As of the evening of Nov. 26, the variant has so far been detected in South Africa, Israel, Hong Kong, Belgium and the Netherlands. (Dutch state broadcaster NOS reported that in one sample of passengers from two quarantined flights out of South Africa, nearly 14% tested positive for some version of the coronavirus.)

Media reports indicated that the case in Belgium was an unvaccinated person who had traveled from Egypt -- but one Israeli case was reported to be someone who'd had three doses of vaccine, the last one just two months ago.

What is a Variant of Concern?

The WHO has four levels of classification for COVID variants, in ascending order:

  • Variant Being Monitored
  • Variant of Interest
  • Variant of Concern
  • Variant of High Consequence

The CDC defines a variant of concern as: "A variant for which there is evidence of an increase in transmissibility, more severe disease (e.g., increased hospitalizations or deaths), significant reduction in neutralization by antibodies generated during previous infection or vaccination, reduced effectiveness of treatments or vaccines, or diagnostic detection failures."

The Delta variant, for example, which caused a surge in infections in the United States over the summer, was a variant of concern (sometimes called a VOC).

What is the response to the Omicron variant?

Less than 48 hours after the world found out about B.1.1.529, now known as Omicron, most major governments instituted travel bans to and from southern Africa.

The Omicron variant has not been seen in the United States yet, but federal and state authorities say they are actively looking for it.

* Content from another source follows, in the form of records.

Lemma card_weighted_cycles :
  #|[set C | is_full_cycle M C &
       [exists s, [&& is_trav M s, trav_edges s == C & W (trav_weight M s)]]]| =
  size (tour_keys (code_of M) P).
Proof.
set S := [set s | is_trav M s && W (trav_weight M s)].
have -> : [set C | is_full_cycle M C &
             [exists s, [&& is_trav M s, trav_edges s == C & W (trav_weight M s)]]] =
          @trav_edges 4 @: S.
  apply/setP => C; rewrite !inE; apply/andP/imsetP.
    by case=> _ /existsP [s /and3P [tr /eqP <- w]]; exists s; rewrite // inE tr w.
  by case=> s; rewrite inE => /andP [tr w] ->; split; apply/existsP; exists s; rewrite tr eqxx.
rewrite imset_card -(eq_card (mem_undup _)) (card_uniqP (undup_uniq _)).
rewrite (size_undup_map_ker (g := fun s => tour_key 4 (perm_seq s))); last first.
  by move=> s s'; exact: (@trav_edges_eqE 4 isT).
rewrite (map_comp (tour_key 4) (@perm_seq 4)); apply: size_undup_eq_mem => key.
apply: eq_mem_map => l; rewrite mem_filter; apply/mapP/andP => [[s] | [/andP [tr w]]].
  rewrite mem_enum inE is_trav_code trav_weight_code WP => /andP [tr w] ->.
  by rewrite perm_seq_mem tr w.
rewrite -codom_perm_seq => /codomP [s eq_l]; exists s; last exact: eq_l.
by rewrite mem_enum inE is_trav_code trav_weight_code WP -eq_l tr w.
Qed.

End WeightedCycles.

Definition k112n (x y : nat) : bool := (x != y) && ((x < 2) || (y < 2))%N.

Definition code_K112 (c : seq (seq nat)) : bool :=
  has (fun l => all (fun x => all (fun y =>
         code_adj c (nth 0%N l x) (nth 0%N l y) == k112n x y) (iota 0 4)) (iota 0 4))
      (permutations (iota 0 4)).

Definition code_K4 (c : seq (seq nat)) : bool :=
  all (fun x => all (fun y => code_adj c x y == (x != y)) (iota 0 4)) (iota 0 4).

Both Pfizer and Moderna have said that if in fact the variant is more resistant to their vaccines than past strains, they could develop and ship a modified vaccine within about 100 days.

Mark Levine, the chair of the New York City Council's Health Committee and the incoming Manhattan Borough President, on Friday called for the immediate reimposition of restrictions in the city.

Meanwhile, New York Gov. Kathy Hochul declared a state of emergency and said that while Omicron hasn't been detected in the state yet, "It's coming."